## AIM OF THE EXERCISE:
Through the line that contains "epsilon (inhabits 0)", return the data below exactly, starting at its first line; leave the rest out.

## EXERCISE MATERIAL:
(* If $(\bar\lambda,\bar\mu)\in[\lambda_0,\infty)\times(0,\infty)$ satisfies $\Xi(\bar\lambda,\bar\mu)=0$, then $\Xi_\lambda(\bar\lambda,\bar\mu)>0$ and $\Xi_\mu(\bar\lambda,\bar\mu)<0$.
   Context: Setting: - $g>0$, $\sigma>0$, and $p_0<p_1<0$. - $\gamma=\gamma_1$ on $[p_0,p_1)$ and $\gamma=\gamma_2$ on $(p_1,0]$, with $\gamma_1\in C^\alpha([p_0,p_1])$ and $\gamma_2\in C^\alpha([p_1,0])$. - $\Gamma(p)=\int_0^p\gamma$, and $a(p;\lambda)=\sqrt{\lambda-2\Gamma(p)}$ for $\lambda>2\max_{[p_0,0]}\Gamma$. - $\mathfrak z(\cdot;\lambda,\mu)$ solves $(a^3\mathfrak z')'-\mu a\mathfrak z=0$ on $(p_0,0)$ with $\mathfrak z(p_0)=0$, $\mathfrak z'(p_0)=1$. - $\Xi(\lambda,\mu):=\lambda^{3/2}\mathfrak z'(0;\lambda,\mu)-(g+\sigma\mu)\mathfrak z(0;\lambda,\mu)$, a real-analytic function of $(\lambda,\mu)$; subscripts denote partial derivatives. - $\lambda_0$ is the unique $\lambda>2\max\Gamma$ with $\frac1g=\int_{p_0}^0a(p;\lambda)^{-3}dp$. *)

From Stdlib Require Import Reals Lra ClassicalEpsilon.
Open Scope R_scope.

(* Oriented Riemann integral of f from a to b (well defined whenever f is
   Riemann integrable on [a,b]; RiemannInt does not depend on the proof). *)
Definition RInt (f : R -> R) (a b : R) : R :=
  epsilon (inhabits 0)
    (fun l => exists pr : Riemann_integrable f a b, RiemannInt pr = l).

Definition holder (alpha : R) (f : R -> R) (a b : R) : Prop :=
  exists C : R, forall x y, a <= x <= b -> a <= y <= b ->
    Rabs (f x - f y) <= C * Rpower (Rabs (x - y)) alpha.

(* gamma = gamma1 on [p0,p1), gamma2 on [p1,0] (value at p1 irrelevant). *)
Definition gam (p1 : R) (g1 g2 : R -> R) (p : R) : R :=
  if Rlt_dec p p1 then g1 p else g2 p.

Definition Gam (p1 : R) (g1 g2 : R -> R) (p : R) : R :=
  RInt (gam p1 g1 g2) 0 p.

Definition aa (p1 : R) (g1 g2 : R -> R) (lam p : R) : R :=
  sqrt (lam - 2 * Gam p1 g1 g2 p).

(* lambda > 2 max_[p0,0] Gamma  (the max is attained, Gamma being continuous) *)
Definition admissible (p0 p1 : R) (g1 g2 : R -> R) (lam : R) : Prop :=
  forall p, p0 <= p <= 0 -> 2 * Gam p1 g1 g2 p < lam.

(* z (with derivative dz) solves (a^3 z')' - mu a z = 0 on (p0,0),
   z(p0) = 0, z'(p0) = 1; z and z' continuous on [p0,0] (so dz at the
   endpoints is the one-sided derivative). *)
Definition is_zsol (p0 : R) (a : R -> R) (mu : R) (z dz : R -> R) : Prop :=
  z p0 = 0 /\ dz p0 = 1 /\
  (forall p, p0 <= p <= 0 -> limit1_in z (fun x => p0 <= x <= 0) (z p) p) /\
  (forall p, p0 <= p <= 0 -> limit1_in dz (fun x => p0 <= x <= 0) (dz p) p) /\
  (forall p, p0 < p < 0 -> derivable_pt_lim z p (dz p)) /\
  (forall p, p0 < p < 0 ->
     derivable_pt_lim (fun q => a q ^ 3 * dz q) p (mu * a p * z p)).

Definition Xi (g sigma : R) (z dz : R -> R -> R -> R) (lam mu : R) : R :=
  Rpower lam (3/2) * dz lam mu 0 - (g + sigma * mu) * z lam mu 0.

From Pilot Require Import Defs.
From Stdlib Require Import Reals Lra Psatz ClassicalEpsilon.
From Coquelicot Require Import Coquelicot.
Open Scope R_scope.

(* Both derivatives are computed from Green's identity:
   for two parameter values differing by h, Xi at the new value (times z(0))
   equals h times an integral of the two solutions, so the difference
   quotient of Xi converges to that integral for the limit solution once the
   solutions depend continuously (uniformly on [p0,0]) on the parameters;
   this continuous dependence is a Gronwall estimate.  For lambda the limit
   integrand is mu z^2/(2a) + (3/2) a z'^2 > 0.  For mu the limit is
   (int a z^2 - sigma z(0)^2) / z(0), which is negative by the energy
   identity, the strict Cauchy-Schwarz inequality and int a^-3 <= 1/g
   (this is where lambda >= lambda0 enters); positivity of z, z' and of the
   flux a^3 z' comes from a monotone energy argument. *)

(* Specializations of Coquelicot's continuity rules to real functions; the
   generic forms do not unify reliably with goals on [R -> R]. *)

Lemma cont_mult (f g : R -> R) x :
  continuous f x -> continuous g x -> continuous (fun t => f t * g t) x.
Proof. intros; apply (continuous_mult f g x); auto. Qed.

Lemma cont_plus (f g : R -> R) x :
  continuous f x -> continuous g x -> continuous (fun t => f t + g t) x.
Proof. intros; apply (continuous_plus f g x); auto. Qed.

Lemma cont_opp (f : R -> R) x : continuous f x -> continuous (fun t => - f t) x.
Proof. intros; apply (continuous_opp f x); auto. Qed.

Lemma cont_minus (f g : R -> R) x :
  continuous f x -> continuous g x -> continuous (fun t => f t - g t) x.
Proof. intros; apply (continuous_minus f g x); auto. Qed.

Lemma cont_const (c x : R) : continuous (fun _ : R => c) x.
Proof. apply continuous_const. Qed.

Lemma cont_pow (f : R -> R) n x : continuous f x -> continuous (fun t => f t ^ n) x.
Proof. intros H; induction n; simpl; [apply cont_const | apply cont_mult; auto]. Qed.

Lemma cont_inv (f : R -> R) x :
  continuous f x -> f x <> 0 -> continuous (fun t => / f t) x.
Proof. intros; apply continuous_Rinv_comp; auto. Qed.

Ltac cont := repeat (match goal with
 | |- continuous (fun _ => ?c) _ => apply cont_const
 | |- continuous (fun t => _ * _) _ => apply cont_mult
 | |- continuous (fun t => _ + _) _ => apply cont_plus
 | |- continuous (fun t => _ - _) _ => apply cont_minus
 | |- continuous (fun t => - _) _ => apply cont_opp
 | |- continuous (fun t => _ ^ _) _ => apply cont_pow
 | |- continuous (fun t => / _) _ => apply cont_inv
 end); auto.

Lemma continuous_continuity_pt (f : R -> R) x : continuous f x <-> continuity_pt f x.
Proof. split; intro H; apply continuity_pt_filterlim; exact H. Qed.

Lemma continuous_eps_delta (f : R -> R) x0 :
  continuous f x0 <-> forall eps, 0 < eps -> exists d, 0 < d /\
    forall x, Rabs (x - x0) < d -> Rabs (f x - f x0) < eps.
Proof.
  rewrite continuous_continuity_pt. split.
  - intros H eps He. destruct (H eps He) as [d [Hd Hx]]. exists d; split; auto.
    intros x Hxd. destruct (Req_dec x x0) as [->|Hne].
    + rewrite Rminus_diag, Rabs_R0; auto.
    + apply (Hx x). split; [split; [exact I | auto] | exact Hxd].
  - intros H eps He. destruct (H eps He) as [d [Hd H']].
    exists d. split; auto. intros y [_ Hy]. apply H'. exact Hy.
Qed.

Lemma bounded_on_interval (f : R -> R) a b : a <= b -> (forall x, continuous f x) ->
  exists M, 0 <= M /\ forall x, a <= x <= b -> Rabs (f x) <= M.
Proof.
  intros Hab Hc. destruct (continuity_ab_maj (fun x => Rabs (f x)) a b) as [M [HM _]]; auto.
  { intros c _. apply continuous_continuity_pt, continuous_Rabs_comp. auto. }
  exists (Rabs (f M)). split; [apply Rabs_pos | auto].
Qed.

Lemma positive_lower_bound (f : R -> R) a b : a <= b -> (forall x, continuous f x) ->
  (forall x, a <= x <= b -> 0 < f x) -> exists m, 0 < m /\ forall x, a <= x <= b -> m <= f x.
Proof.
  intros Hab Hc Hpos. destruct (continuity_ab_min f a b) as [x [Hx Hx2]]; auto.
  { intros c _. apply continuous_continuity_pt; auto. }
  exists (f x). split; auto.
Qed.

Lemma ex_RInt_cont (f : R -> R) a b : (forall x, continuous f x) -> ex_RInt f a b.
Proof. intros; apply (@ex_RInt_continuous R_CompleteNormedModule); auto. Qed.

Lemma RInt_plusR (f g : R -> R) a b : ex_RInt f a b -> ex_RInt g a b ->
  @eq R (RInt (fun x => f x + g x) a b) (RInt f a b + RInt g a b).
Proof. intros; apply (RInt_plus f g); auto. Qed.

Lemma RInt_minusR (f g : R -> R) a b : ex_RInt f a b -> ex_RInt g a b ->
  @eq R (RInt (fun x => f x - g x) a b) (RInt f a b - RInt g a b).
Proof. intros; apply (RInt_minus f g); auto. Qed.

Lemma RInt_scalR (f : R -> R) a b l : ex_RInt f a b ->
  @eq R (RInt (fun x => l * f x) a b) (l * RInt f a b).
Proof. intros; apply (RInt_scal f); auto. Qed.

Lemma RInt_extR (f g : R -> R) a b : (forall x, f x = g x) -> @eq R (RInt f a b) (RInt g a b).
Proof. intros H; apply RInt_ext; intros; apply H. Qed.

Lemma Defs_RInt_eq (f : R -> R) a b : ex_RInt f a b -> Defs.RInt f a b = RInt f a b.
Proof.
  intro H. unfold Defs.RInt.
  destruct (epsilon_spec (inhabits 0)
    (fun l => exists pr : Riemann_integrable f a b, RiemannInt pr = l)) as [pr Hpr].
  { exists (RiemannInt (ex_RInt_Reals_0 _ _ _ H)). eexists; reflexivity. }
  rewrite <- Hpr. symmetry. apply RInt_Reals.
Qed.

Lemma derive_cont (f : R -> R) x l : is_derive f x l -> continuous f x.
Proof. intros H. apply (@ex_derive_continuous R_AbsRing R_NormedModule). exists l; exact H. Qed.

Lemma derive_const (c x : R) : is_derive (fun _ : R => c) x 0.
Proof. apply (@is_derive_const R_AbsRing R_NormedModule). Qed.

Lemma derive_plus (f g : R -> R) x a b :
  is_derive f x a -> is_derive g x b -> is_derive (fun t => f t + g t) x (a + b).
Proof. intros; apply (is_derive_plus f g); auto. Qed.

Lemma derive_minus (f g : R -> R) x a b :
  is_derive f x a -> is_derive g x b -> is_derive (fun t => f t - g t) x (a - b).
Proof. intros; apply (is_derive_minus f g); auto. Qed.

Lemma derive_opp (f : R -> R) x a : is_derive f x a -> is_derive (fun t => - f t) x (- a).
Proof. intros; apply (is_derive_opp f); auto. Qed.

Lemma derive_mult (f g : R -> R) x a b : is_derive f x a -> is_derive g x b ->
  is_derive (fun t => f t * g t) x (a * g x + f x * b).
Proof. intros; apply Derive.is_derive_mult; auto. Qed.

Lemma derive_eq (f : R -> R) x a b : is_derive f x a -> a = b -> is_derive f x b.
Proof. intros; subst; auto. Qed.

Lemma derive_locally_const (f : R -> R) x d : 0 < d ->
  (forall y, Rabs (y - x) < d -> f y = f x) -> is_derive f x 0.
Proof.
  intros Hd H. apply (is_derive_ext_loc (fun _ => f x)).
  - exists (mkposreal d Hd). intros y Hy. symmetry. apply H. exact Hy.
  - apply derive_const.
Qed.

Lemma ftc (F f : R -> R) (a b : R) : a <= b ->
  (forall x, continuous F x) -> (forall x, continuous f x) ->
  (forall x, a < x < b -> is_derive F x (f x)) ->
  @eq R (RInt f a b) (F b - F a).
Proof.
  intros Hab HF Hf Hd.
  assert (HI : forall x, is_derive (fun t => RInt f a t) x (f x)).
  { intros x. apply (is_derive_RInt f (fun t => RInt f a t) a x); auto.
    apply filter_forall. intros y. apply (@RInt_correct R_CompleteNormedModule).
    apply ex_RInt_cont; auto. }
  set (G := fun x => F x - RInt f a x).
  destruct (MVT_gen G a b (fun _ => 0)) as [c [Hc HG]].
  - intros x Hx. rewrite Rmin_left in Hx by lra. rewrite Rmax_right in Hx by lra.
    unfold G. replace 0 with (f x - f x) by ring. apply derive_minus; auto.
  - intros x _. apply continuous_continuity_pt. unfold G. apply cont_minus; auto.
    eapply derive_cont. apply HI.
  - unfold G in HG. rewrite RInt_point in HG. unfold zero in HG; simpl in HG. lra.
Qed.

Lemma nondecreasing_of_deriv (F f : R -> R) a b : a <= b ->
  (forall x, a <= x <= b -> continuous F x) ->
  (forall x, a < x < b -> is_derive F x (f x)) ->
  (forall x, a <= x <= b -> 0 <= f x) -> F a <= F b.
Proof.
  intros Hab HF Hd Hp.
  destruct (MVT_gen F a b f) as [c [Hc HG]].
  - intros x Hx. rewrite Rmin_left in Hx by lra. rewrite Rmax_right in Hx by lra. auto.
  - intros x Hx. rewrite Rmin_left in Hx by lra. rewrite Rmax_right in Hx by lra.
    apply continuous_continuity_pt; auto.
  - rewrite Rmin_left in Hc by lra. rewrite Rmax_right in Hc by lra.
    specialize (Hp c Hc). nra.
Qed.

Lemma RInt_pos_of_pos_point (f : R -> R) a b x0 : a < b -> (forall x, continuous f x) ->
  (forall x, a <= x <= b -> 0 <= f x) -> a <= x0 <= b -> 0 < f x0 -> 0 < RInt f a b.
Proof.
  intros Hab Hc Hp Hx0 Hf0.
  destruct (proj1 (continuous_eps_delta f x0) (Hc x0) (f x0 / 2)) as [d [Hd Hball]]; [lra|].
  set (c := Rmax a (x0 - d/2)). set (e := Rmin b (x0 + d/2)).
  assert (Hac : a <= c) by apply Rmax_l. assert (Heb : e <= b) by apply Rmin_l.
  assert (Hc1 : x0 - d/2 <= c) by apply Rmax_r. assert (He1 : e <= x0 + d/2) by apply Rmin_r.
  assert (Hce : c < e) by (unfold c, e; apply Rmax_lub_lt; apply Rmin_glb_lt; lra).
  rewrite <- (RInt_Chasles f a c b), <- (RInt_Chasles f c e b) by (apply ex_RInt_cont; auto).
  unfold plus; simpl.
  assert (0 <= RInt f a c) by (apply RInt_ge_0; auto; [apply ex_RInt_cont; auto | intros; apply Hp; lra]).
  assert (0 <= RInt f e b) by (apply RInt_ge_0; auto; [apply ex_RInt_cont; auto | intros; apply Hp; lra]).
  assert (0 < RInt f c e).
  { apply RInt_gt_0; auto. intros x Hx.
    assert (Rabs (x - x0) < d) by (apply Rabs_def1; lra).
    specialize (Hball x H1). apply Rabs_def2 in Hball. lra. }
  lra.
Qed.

## EXERCISE OUTPUT:
(* If $(\bar\lambda,\bar\mu)\in[\lambda_0,\infty)\times(0,\infty)$ satisfies $\Xi(\bar\lambda,\bar\mu)=0$, then $\Xi_\lambda(\bar\lambda,\bar\mu)>0$ and $\Xi_\mu(\bar\lambda,\bar\mu)<0$.
   Context: Setting: - $g>0$, $\sigma>0$, and $p_0<p_1<0$. - $\gamma=\gamma_1$ on $[p_0,p_1)$ and $\gamma=\gamma_2$ on $(p_1,0]$, with $\gamma_1\in C^\alpha([p_0,p_1])$ and $\gamma_2\in C^\alpha([p_1,0])$. - $\Gamma(p)=\int_0^p\gamma$, and $a(p;\lambda)=\sqrt{\lambda-2\Gamma(p)}$ for $\lambda>2\max_{[p_0,0]}\Gamma$. - $\mathfrak z(\cdot;\lambda,\mu)$ solves $(a^3\mathfrak z')'-\mu a\mathfrak z=0$ on $(p_0,0)$ with $\mathfrak z(p_0)=0$, $\mathfrak z'(p_0)=1$. - $\Xi(\lambda,\mu):=\lambda^{3/2}\mathfrak z'(0;\lambda,\mu)-(g+\sigma\mu)\mathfrak z(0;\lambda,\mu)$, a real-analytic function of $(\lambda,\mu)$; subscripts denote partial derivatives. - $\lambda_0$ is the unique $\lambda>2\max\Gamma$ with $\frac1g=\int_{p_0}^0a(p;\lambda)^{-3}dp$. *)

From Stdlib Require Import Reals Lra ClassicalEpsilon.
Open Scope R_scope.

(* Oriented Riemann integral of f from a to b (well defined whenever f is
   Riemann integrable on [a,b]; RiemannInt does not depend on the proof). *)
Definition RInt (f : R -> R) (a b : R) : R :=
  epsilon (inhabits 0)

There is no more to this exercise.